# What you should do
Which lines in the records below contain the word "ffun"? Copy each one out.

# Data shown
Theorem theorem2 (R : realType) (phi : tri R 2) :
  sqnorm phi = 1 -> locc_reach phi (GHZ3 R).
Proof.
move=> phi_unit.
have [UA [UB [unitA unitB vanish]]] := exists_normal_form phi.
apply: (locc_reach_GHZ3_routed (branch_norm_ge0 phi UA UB)
          (weight_norm_branch_neq0 vanish unitA unitB phi_unit)
          (branch_mx_unit_columns phi UA UB)).
rewrite branch_mx_routed_stateE //.
apply: locc_done => //.
- exact: (pad_mx_isometry unitA).
- exact: (pad_mx_isometry unitB).
- by apply: pad_mx_isometry; rewrite /adj map_mx1 rmorph1 trmx1 mulmx1.
- exact: oner_neq0.
Qed.
(* Let $H$ be a hypergraph and $K$ a field, and let $f_{\mathcal E}\in I_H$ be the binomial arising from a balanced edge set $\mathcal E$ with $\operatorname{supp}(\mathcal E)\subseteq E(H)$ and $n=|\mathcal E_{blue}|\ge|\mathcal E_{red}|$. Then $f_{\mathcal E}$ is a linear combination, with coefficients in $K[t_e : e\in E(H)]$, of binomials in $I_H$ of degree less than $n$, provided one of the following two conditions holds: (i) there exists a proper splitting set $S$ of $\mathcal E$ with decomposition $(\Gamma_1,S,\Gamma_2)$ (with respect to which $S$ is proper) such that $|\Gamma_{i,blue}|<n$ and $|\Gamma_{i,red}|<n$ for $i=1,2$; or (ii) there is a blue splitting set $S$ of $\mathcal E$ with decomposition $(\Gamma_1,S,\Gamma_2)$ and a red splitting set $R$ of $\mathcal E$ with decomposition $(\Upsilon_1,R,\Upsilon_2)$, both of size less than $n$, such that $|\Gamma_{1,blue}|<n$, $|\Upsilon_{2,red}|<n$, $|\Gamma_{2,blue}|\le n$, $|\Upsilon_{1,red}|\le n$, and $S\cap R\neq\emptyset$.
   Context: A hypergraph $H$ has vertex set $V=\{1,\dots,m\}$ and a set $E(H)$ of edges, each a nonempty subset of $V$ (no repeated edges); edges may have different sizes. The toric ideal $I_H$ is the kernel of $\phi_H: K[t_e : e\in E(H)]\to K[x_1,\dots,x_m]$, $t_e\mapsto\prod_{j\in e}x_j$. The degree of a binomial $u-v$ is the larger of the degrees of its monomials $u$, $v$. Multisets of edges: $|M|$ is the size with multiplicity; $\operatorname{supp}(M)$ the set of distinct elements; $\sqcup$ adds multiplicities; $\cap$ takes minimum multiplicities; $\subseteq$ is multiplicity-wise containment, and a proper submultiset is a contained, unequal one. A balanced edge set $\mathcal E$ is a pair of finite multisets $\mathcal E_{blue},\mathcal E_{red}$ of edges such that every vertex lies in the same number of blue as red edges, counted with multiplicity; $\operatorname{supp}(\mathcal E)=\operatorname{supp}(\mathcal E_{blue}\sqcup\mathcal E_{red})$; $f_{\mathcal E}=\prod_{e\in\mathcal E_{blue}}t_e-\prod_{e\in\mathcal E_{red}}t_e$ (with multiplicity). A balanced edge set $\mathcal F$ is reducible with separator $S$ and decomposition $(\Gamma_1,S,\Gamma_2)$ if $S$ is a nonempty multiset with $\operatorname{supp}(S)\subseteq\operatorname{supp}(\mathcal F)$ and there are balanced edge sets $\Gamma_1\neq\mathcal F$, $\Gamma_2\neq\mathcal F$ with $S=\Gamma_{1,red}\cap\Gamma_{2,blue}$, $\mathcal F_{blue}\sqcup\mathcal F_{red}=\Gamma_{1,blue}\sqcup\Gamma_{1,red}\sqcup\Gamma_{2,blue}\sqcup\Gamma_{2,red}$, $\Gamma_{1,red},\Gamma_{2,red}\subseteq\mathcal F_{red}$ and $\Gamma_{1,blue},\Gamma_{2,blue}\subseteq\mathcal F_{blue}$. $S$ is proper with respect to $(\Gamma_1,S,\Gamma_2)$ if $S$ is a proper submultiset of both $\Gamma_{1,red}$ and $\Gamma_{2,blue}$; if not proper, it is blue with respect to the decomposition if $\Gamma_{1,red}=S$ and red if $\Gamma_{2,blue}=S$. For a multiset $S$ of edges, $\mathcal E+S$ has blue part $\mathcal E_{blue}\sqcup S$ and red part $\mathcal E_{red}\sqcup S$. A nonempty multiset $S$ with $\operatorname{supp}(S)\subseteq E(H)$ is a splitting set of $\mathcal E$ with decomposition $(\Gamma_1,S,\Gamma_2)$ if $\mathcal E+S$ is reducible with separator $S$ and that decomposition; it is a blue (resp. red) splitting set with respect to the decomposition if $S$ is a blue (resp. red) separator of $\mathcal E+S$ with respect to it; it is proper if there is a decomposition with respect to which $S$ is a proper separator. *)

From HB Require Import structures.
From mathcomp Require Import all_boot all_order all_algebra.
From mathcomp Require Import mpoly.
Set Implicit Arguments. Unset Strict Implicit. Unset Printing Implicit Defensive.
Import GRing.Theory.
Local Open Scope ring_scope.

(* A hypergraph on vertex set 'I_m (= {1,...,m} relabelled) is given by its
   edge set EH : {set {set 'I_m}} (edges nonempty, stated in the theorem).
   [edge EH] is the finite type of edges e \in EH. *)
Definition edge (m : nat) (EH : {set {set 'I_m}}) := {e : {set 'I_m} | e \in EH}.
HB.instance Definition _ m EH := Finite.on (@edge m EH).

Definition nE (m : nat) (EH : {set {set 'I_m}}) := #|{: edge EH}|.

(* Finite multisets of edges: multiplicity functions. *)
Definition mset (m : nat) (EH : {set {set 'I_m}}) := {ffun edge EH -> nat}.

Section MS.
Variables (m : nat) (EH : {set {set 'I_m}}).
Implicit Types A B : mset EH.
Definition mcard A : nat := (\sum_e A e)%N.
Definition munion A B : mset EH := [ffun e => (A e + B e)%N].
Definition mcap A B : mset EH := [ffun e => minn (A e) (B e)].
Definition msub A B : bool := [forall e, (A e <= B e)%N].
Definition mproper A B : bool := msub A B && (A != B).
Definition mempty A : bool := [forall e, A e == 0%N].
Definition msupp_sub A B : bool := [forall e, (A e != 0%N) ==> (B e != 0%N)].
End MS.

(* A balanced edge set: pair (blue, red) of multisets of edges such that every
   vertex lies in the same number of blue as red edges (with multiplicity). *)
Record bes (m : nat) (EH : {set {set 'I_m}}) := Bes { blue : mset EH ; red : mset EH }.

Section Balanced.
Variables (m : nat) (EH : {set {set 'I_m}}).
Definition balanced (F : bes EH) : Prop :=
  forall j : 'I_m,
    (\sum_(e : edge EH | j \in val e) blue F e)%N =
    (\sum_(e : edge EH | j \in val e) red F e)%N.

(* supp(F) = supp(F_blue ⊔ F_red) *)
Definition bes_all (F : bes EH) : mset EH := munion (blue F) (red F).

Definition reducible (F : bes EH) (G1 : bes EH) (S : mset EH) (G2 : bes EH) : Prop :=
  [/\ ~~ mempty S, msupp_sub S (bes_all F),
      balanced G1 /\ balanced G2, G1 <> F /\ G2 <> F
    & [/\ S = mcap (red G1) (blue G2),
      bes_all F = munion (munion (munion (blue G1) (red G1)) (blue G2)) (red G2),
      msub (red G1) (red F) /\ msub (red G2) (red F)
    & msub (blue G1) (blue F) /\ msub (blue G2) (blue F)]].

Definition proper_sep (G1 : bes EH) (S : mset EH) (G2 : bes EH) : bool :=
  mproper S (red G1) && mproper S (blue G2).
(* blue / red separator (only when not proper; G1_red = S already excludes
   properness, and likewise G2_blue = S) *)
Definition blue_sep (G1 : bes EH) (S : mset EH) (G2 : bes EH) : Prop :=
  ~~ proper_sep G1 S G2 /\ red G1 = S.
Definition red_sep (G1 : bes EH) (S : mset EH) (G2 : bes EH) : Prop :=
  ~~ proper_sep G1 S G2 /\ blue G2 = S.

Definition bes_addS (E : bes EH) (S : mset EH) : bes EH :=
  Bes (munion (blue E) S) (munion (red E) S).

Definition splitting (E : bes EH) (G1 : bes EH) (S : mset EH) (G2 : bes EH) : Prop :=
  ~~ mempty S /\ reducible (bes_addS E S) G1 S G2.
End Balanced.

Section Toric.
Variables (K : fieldType) (m : nat) (EH : {set {set 'I_m}}).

# Worked solution
Definition mset (m : nat) (EH : {set {set 'I_m}}) := {ffun edge EH -> nat}.
Definition munion A B : mset EH := [ffun e => (A e + B e)%N].
Definition mcap A B : mset EH := [ffun e => minn (A e) (B e)].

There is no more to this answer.